Natalie wanted to say something while hating to intrude, so hovered just out of his sight line, waiting for her moment.

“Which makes you a unique individual, to be sure. I wonder what happened to you? Were you made evil, or born evil? It raises the inevitable question of nature or nurture.” He paused to bat bugs away from the small glowing screen. “And I have to say, as unscientific as my opinion is, it
must
be nature. Because I am who I am, and Rake is who he is. If it were nurture, we would both be terrible. But it's nature, because only Rake is terrible.”

“What are you doing?” She blurted it without thinking and, startled, he dropped his tablet.
Oh, boy.
It was so dark out, she really hoped he hadn't dropped it in a pile of—

“Son of a
bitch
.”

“Maybe it's just mud?”

Blake groaned and stooped to pick up his tablet. “It hasn't rained for a week.”

“I'm sorry; I didn't mean to startle you.”

“And I didn't mean to be startled.” He sighed and used part of his shirtsleeve to rub it-wasn't-mud off the screen, which had of course fallen screen-side down.

“We were wondering where you were.”

“No.” He had turned his back on Margaret of Anjou to give Natalie his full attention, which was startling and far too thrilling. “
You
wondered. Why?”

Because I think of you all the time. And not like how I used to think about running you down with the tractor. I mean, I still think that, but lately you've been naked in that fantasy.

She ignored the question. “Come into the house. Harry made that thing you like.”

“Haricots verts with poached eggs and tarragon vinaigrette?”

“The other thing you like.”

“Bacon and Swiss chard pasta?”

“No, the other—for God's sake,” she said, laughing a little. “Of course you're a foodie.”

“Harry,” he replied, putting a hand over his heart while looking reverent, which made her laugh harder, “is a phenomenal cook. He told me he wept when they quit publishing
Gourmet.
And I believed him.”

“Yep. He did. On and off for a week.” She smirked, remembering. “His wife was confused and pissed, which is why she's now his ex-wife.”

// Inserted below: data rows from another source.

(* Let $M:=\mathbb R^2\setminus\{(0,0)\}$, fix $\lambda>0$, and let $\gamma:(0,1]\to M$, $\gamma(t)=(t,\lambda e^{-1/t})$, and $\alpha:(0,1]\to M$, $\alpha(t)=(t,0)$. Then: (1) for every $f\in\mathcal S^*(M)$ the limit $\lim_{t\to0^+}f(\gamma(t))$ exists in $\mathbb R$; (2) $\mathfrak m^*:=\{f\in\mathcal S^*(M):\lim_{t\to0^+}f(\gamma(t))=0\}$ is a maximal ideal of $\mathcal S^*(M)$; (3) $\mathfrak m^*=\mathfrak m^*_\alpha:=\{f\in\mathcal S^*(M):\lim_{t\to0^+}f(t,0)=0\}$.
   Context: $\mathcal S^*(M)$ denotes the ring of bounded continuous semialgebraic functions $M\to\mathbb R$ (functions whose graph is a semialgebraic set). *)

From Stdlib Require Import Reals Lra.
Open Scope R_scope.

Inductive poly3 : Type :=
| PX | PY | PZ
| PConst (c : R)
| PAdd (p q : poly3)
| PMul (p q : poly3)
| PNeg (p : poly3).

Fixpoint peval (p : poly3) (x y z : R) : R :=
  match p with
  | PX => x | PY => y | PZ => z
  | PConst c => c
  | PAdd p q => peval p x y z + peval q x y z
  | PMul p q => peval p x y z * peval q x y z
  | PNeg p => - peval p x y z
  end.

Inductive sa_formula : Type :=
| FPos (p : poly3)
| FZero (p : poly3)
| FAnd (a b : sa_formula)
| FOr (a b : sa_formula)
| FNot (a : sa_formula).

Fixpoint feval (f : sa_formula) (x y z : R) : Prop :=
  match f with
  | FPos p => 0 < peval p x y z
  | FZero p => peval p x y z = 0
  | FAnd a b => feval a x y z /\ feval b x y z
  | FOr a b => feval a x y z \/ feval b x y z
  | FNot a => ~ feval a x y z
  end.

Definition semialgebraic3 (S : R -> R -> R -> Prop) : Prop :=
  exists phi : sa_formula, forall x y z, S x y z <-> feval phi x y z.

Definition M : Type := { p : R * R | p <> (0, 0) }.

Definition Mx (p : M) : R := fst (proj1_sig p).
Definition My (p : M) : R := snd (proj1_sig p).

Definition dist2 (p q : M) : R :=
  sqrt ((Mx p - Mx q) ^ 2 + (My p - My q) ^ 2).

Definition continuous_M (f : M -> R) : Prop :=
  forall p eps, 0 < eps -> exists delta, 0 < delta /\
    forall q, dist2 p q < delta -> Rabs (f q - f p) < eps.

Definition bounded_M (f : M -> R) : Prop :=
  exists C, forall p, Rabs (f p) <= C.

Definition graph_M (f : M -> R) (x y z : R) : Prop :=
  exists H : (x, y) <> (0, 0), z = f (exist _ (x, y) H).

Definition semialgebraic_fun (f : M -> R) : Prop :=
  semialgebraic3 (graph_M f).

Definition Sstar (f : M -> R) : Prop :=
  continuous_M f /\ bounded_M f /\ semialgebraic_fun f.

Definition is_ideal (I : (M -> R) -> Prop) : Prop :=
  (forall f, I f -> Sstar f) /\
  I (fun _ => 0) /\
  (forall f g, I f -> I g -> I (fun p => f p + g p)) /\
  (forall f g, Sstar g -> I f -> I (fun p => g p * f p)).

Definition is_maximal_ideal (I : (M -> R) -> Prop) : Prop :=
  is_ideal I /\
  (exists g, Sstar g /\ ~ I g) /\
  (forall J, is_ideal J -> (forall f, I f -> J f) ->
     (forall f, J f <-> I f) \/ (forall f, Sstar f -> J f)).

Lemma pos_pair_nonzero (t u : R) : 0 < t -> (t, u) <> (0, 0).
Proof. intros Ht E; injection E; intros; lra. Qed.

Definition gam (lam t : R) (Ht : 0 < t) : M :=
  exist _ (t, lam * exp (- / t)) (pos_pair_nonzero t _ Ht).

Definition alp (t : R) (Ht : 0 < t) : M :=
  exist _ (t, 0) (pos_pair_nonzero t _ Ht).

Definition lim_0plus (c : forall t : R, 0 < t -> M) (f : M -> R) (L : R) : Prop :=
  forall eps, 0 < eps -> exists delta, 0 < delta /\
    forall t (Ht : 0 < t), t < delta -> Rabs (f (c t Ht) - L) < eps.

(* After quantifier elimination, every f in S^*(M) is described near the
   positive x-axis by finitely many polynomial sign conditions.  The sign of a
   bivariate polynomial P is eventually constant along the axis (y = 0, x -> 0+)
   and on every thin enough horn 0 < y < x^N: writing P = y^j (Q(x) + y P2(x,y)),
   the lowest-order term a x^k of Q swamps y P2 there.  Hence every superlevel
   set {f > c} is eventually decided along the axis and on a horn, so f(x,0)
   tends to the supremum L of the levels eventually exceeded, and by continuity
   in y the values of f on a thin horn tend to L as well.  As lambda e^(-1/t) is
   smaller than any power of t, gamma eventually lies in every horn, so
   f(gamma(t)) and f(t,0) both tend to L.  The ideal m^* is the kernel of the
   surjective ring map f |-> L onto R, hence maximal. *)

From Stdlib Require Import Reals Lra ProofIrrelevance Classical ClassicalEpsilon.
From Stdlib Require Import FunctionalExtensionality.
From mathcomp Require Import all_boot all_order all_algebra Rstruct ordered_qelim.
From mathcomp Require qe_rcf lra.
Set Implicit Arguments. Unset Strict Implicit. Unset Printing Implicit Defensive.
Import Order.TTheory GRing.Theory Num.Theory Num.Def.
Local Open Scope R_scope.

(** * Quantifier elimination *)

Section QuantifierElimination.
Local Open Scope ring_scope.

Fixpoint term_of_poly3 (i j k : nat) (p : poly3) : GRing.term R :=
  match p with
  | PX => GRing.Var _ i | PY => GRing.Var _ j | PZ => GRing.Var _ k
  | PConst c => GRing.Const c
  | PAdd p q => GRing.Add (term_of_poly3 i j k p) (term_of_poly3 i j k q)
  | PMul p q => GRing.Mul (term_of_poly3 i j k p) (term_of_poly3 i j k q)
  | PNeg p => GRing.Opp (term_of_poly3 i j k p)
  end.

Lemma eval_term_of_poly3 i j k p (e : seq R) :
  GRing.eval e (term_of_poly3 i j k p) = peval p e`_i e`_j e`_k.
Proof. by elim: p => //= [p -> q ->|p -> q ->|p ->]. Qed.

Fixpoint formula_of_sa (i j k : nat) (f : sa_formula) : ord.formula R :=
  match f with
  | FPos p => ord.Lt (GRing.Const 0) (term_of_poly3 i j k p)
  | FZero p => ord.Equal (term_of_poly3 i j k p) (GRing.Const 0)
  | FAnd a b => ord.And (formula_of_sa i j k a) (formula_of_sa i j k b)
  | FOr a b => ord.Or (formula_of_sa i j k a) (formula_of_sa i j k b)
  | FNot a => ord.Not (formula_of_sa i j k a)
  end.

Lemma holds_formula_of_sa i j k f (e : seq R) :
  ord.holds e (formula_of_sa i j k f) <-> feval f e`_i e`_j e`_k.
Proof.
elim: f => /= [p|p|a IHa b IHb|a IHa b IHb|a IHa]; rewrite ?eval_term_of_poly3.
- by split => /RltP.
- by [].
- by rewrite IHa IHb.
- by rewrite IHa IHb.
- by rewrite IHa.
Qed.

(* The translation back is only faithful on ring terms and quantifier-free
   formulas evaluated in [:: x; y; z]; inverses, units and quantifiers are
   sent to junk. *)
Fixpoint poly3_of_term (t : GRing.term R) : poly3 :=
  match t with
  | GRing.Var 0 => PX
  | GRing.Var 1 => PY
  | GRing.Var 2 => PZ
  | GRing.Var _ => PConst 0
  | GRing.Const c => PConst c
  | GRing.NatConst n => PConst n%:R
  | GRing.Add a b => PAdd (poly3_of_term a) (poly3_of_term b)
  | GRing.Opp a => PNeg (poly3_of_term a)
  | GRing.NatMul a n => PMul (poly3_of_term a) (PConst n%:R)
  | GRing.Mul a b => PMul (poly3_of_term a) (poly3_of_term b)
  | GRing.Inv _ => PConst 0
  | GRing.Exp a n => iter n (PMul (poly3_of_term a)) (PConst 1)
  end.

Lemma peval_poly3_of_term t x y z : GRing.rterm t ->
  peval (poly3_of_term t) x y z = GRing.eval [:: x; y; z] t.
Proof.
elim: t => //=.
- by case=> [|[|[|n]]] //= _; rewrite nth_nil.
- by move=> a IHa b IHb /andP[ra rb]; rewrite IHa // IHb.
- by move=> a IHa ra; rewrite IHa.
- by move=> a IHa n ra; rewrite IHa //; exact: mulr_natr.
- by move=> a IHa b IHb /andP[ra rb]; rewrite IHa // IHb.
- move=> a IHa n ra; rewrite -IHa //.
  by elim: n => [|n IHn] /=; rewrite ?expr0 // exprS IHn.
Qed.

Fixpoint sa_of_formula (f : ord.formula R) : sa_formula :=
  match f with
  | ord.Bool true => FZero (PConst 0)
  | ord.Bool false => FPos (PConst 0)
  | ord.Equal a b => FZero (PAdd (poly3_of_term a) (PNeg (poly3_of_term b)))
  | ord.Lt a b => FPos (PAdd (poly3_of_term b) (PNeg (poly3_of_term a)))
  | ord.Le a b => FOr (FPos (PAdd (poly3_of_term b) (PNeg (poly3_of_term a))))
                      (FZero (PAdd (poly3_of_term b) (PNeg (poly3_of_term a))))
  | ord.And a b => FAnd (sa_of_formula a) (sa_of_formula b)
  | ord.Or a b => FOr (sa_of_formula a) (sa_of_formula b)
  | ord.Implies a b => FOr (FNot (sa_of_formula a)) (sa_of_formula b)
  | ord.Not a => FNot (sa_of_formula a)
  | _ => FZero (PConst 0)
  end.

Lemma feval_sa_of_formula f x y z : ord.qf_form f -> ord.rformula f ->
  feval (sa_of_formula f) x y z <-> ord.qf_eval [:: x; y; z] f.
Proof.
elim: f => //=.
- by case; split => // /RltP; rewrite ltxx.
- move=> a b _ /andP[ra rb]; rewrite !peval_poly3_of_term // RplusE RoppE.
  by split => [/subr0_eq ->|/eqP ->]; rewrite ?eqxx ?subrr.
- move=> a b _ /andP[ra rb]; rewrite !peval_poly3_of_term // RplusE RoppE.
  by rewrite -subr_gt0; split => /RltP.
- move=> a b _ /andP[ra rb]; rewrite !peval_poly3_of_term // RplusE RoppE.
  rewrite le_eqVlt -subr_gt0 eq_sym -subr_eq0.
  by split => [[/RltP ->|->]|/orP[/eqP|/RltP]]; rewrite ?eqxx ?orbT; auto.
- move=> a IHa b IHb /andP[qa qb] /andP[ra rb]; rewrite IHa // IHb //.
  by split => [[-> ->]|/andP[-> ->]].
- move=> a IHa b IHb /andP[qa qb] /andP[ra rb]; rewrite IHa // IHb //.
  by split => [[->|->]|/orP[->|->]]; rewrite ?orbT; auto.
- move=> a IHa b IHb /andP[qa qb] /andP[ra rb]; rewrite IHa // IHb //.
  by case: (ord.qf_eval _ a); case: (ord.qf_eval _ b); split => //=; intuition.
- by move=> a IHa qa ra; rewrite IHa //; case: (ord.qf_eval _ a); split.
Qed.

(* Tarski–Seidenberg, from MathComp's quantifier elimination for real closed
   fields. *)
Lemma semialgebraic3_holds (f : ord.formula R) :
  semialgebraic3 (fun x y z => ord.holds [:: x; y; z] f).
Proof.
have /andP[qg rg] :=
  ord.quantifier_elim_wf (@qe_rcf.wf_QE_wproj R) (ord.to_rform_rformula f).
set g := ord.quantifier_elim _ _ in qg rg.
exists (sa_of_formula g) => x y z.
by rewrite feval_sa_of_formula //; split => /qe_rcf.rcf_satP.
Qed.

End QuantifierElimination.

(** * Semialgebraic functions on the punctured plane *)

(* Extension by zero across the puncture, so that graphs and germs can be
   handled as plain functions on R^2. *)
Definition ext (f : M -> R) (q : R * R) : R :=
  match excluded_middle_informative (q <> (0, 0)) with
  | left H => f (exist _ q H)
  | right _ => 0
  end.

Lemma ext_val (f : M -> R) q (H : q <> (0, 0)) : ext f q = f (exist _ q H).
Proof.
rewrite /ext; case: excluded_middle_informative => [H'|//].
by rewrite (proof_irrelevance _ H' H).
Qed.

Lemma ext_proj1 (f : M -> R) p : ext f (proj1_sig p) = f p.
Proof. by case: p => q H; rewrite (ext_val f H). Qed.

Definition semialgebraic_map (h : R * R -> R) : Prop :=
  semialgebraic3 (fun x y z => z = h (x, y)).

Lemma semialgebraic_map_ext f : semialgebraic_fun f -> semialgebraic_map (ext f).
Proof.
move=> [phi Hphi].
exists (FOr phi (FAnd (FZero PX) (FAnd (FZero PY) (FZero PZ)))) => x y z /=.
rewrite -Hphi /graph_M /ext; case: excluded_middle_informative => [H|/NNPP [-> ->]].
- split=> [->|[[H' ->]|[hx [hy _]]]]; first by left; exists H.
    by rewrite (proof_irrelevance _ H' H).
  by exfalso; apply: H; rewrite hx hy.
- by split=> [->|[[H _]|[_ [_ ->]]]] //; right.
Qed.

Lemma semialgebraic_fun_of_map (f : M -> R) (h : R * R -> R) :
  semialgebraic_map h -> (forall p, f p = h (proj1_sig p)) -> semialgebraic_fun f.
Proof.
move=> [phi Hphi] fh.
exists (FAnd phi (FNot (FAnd (FZero PX) (FZero PY)))) => x y z /=.
rewrite -Hphi /graph_M; split=> [[H ->]|[-> nz]].
  by rewrite fh; split=> // -[hx hy]; apply: H; rewrite hx hy.
have H : (x, y) <> (0, 0) by case=> hx hy; apply: nz.
by exists H; rewrite fh.
Qed.

Lemma semialgebraic_map_cst c : semialgebraic_map (fun _ => c).
Proof. by exists (FZero (PAdd PZ (PNeg (PConst c)))) => x y z /=; split; lra. Qed.

Lemma semialgebraic_map_binop (h1 h2 : R * R -> R) (op : R -> R -> R)
    (top : GRing.term R -> GRing.term R -> GRing.term R) :
  (forall e a b, GRing.eval e (top a b) = op (GRing.eval e a) (GRing.eval e b)) ->
  semialgebraic_map h1 -> semialgebraic_map h2 ->
  semialgebraic_map (fun q => op (h1 q) (h2 q)).
Proof.
move=> Hev [phi Hphi] [psi Hpsi].
have [chi Hchi] := semialgebraic3_holds (ord.Exists 3 (ord.Exists 4
  (ord.And (formula_of_sa 0 1 3 phi) (ord.And (formula_of_sa 0 1 4 psi)
     (ord.Equal (GRing.Var _ 2) (top (GRing.Var _ 3) (GRing.Var _ 4))))))).
exists chi => x y z; rewrite -Hchi /=; split=> [->|[u [v]]].
- exists (h1 (x, y)), (h2 (x, y)); rewrite !holds_formula_of_sa /= Hev.
  by split; [apply/Hphi | split; [apply/Hpsi |]].
- by rewrite !holds_formula_of_sa /= Hev => -[/Hphi -> [/Hpsi -> ->]].
Qed.

Lemma semialgebraic3_lt_map (h : R * R -> R) :
  semialgebraic_map h -> semialgebraic3 (fun x y z => z < h (x, y)).
Proof.
move=> [phi Hphi].
have [chi Hchi] := semialgebraic3_holds (ord.Exists 3
  (ord.And (formula_of_sa 0 1 3 phi) (ord.Lt (GRing.Var _ 2) (GRing.Var _ 3)))).
exists chi => x y z; rewrite -Hchi /=; split=> [hz|[u]].
- exists (h (x, y)); rewrite holds_formula_of_sa /=.
  by split; [apply/Hphi | apply/RltP].
- by rewrite holds_formula_of_sa /= => -[/Hphi -> /RltP].
Qed.

Lemma semialgebraic_fun_binop (f g : M -> R) (op : R -> R -> R)
    (top : GRing.term R -> GRing.term R -> GRing.term R) :
  (forall e a b, GRing.eval e (top a b) = op (GRing.eval e a) (GRing.eval e b)) ->
  semialgebraic_fun f -> semialgebraic_fun g ->
  semialgebraic_fun (fun p => op (f p) (g p)).
Proof.
move=> Hev /semialgebraic_map_ext fs /semialgebraic_map_ext gs.
apply: semialgebraic_fun_of_map (semialgebraic_map_binop Hev fs gs) _ => p.
by rewrite !ext_proj1.
Qed.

“And you have a wonderful laugh.”

Pleased, she thanked him.

“It comes perilously close to being shrill, but it's redeemed by how your eyes get crinkly when you giggle.”

“Dammit! You just can't let a compliment be a compliment, can you?”

“You and my mother,” he sighed, “are of like mind.”

“Yeah, yeah.”
Weird. The thought of having something in common with Shannah Banaan. Disturbing.
“Time to quit. Let's go in.”

He'd been squinting at Natalie in the low light but nodded and came with her willingly enough. Halfway back to the house he cleared his throat.

“I am aware that on short acquaintance you dislike me,” he began, then paused. “Ah. Thank you for not disagreeing.”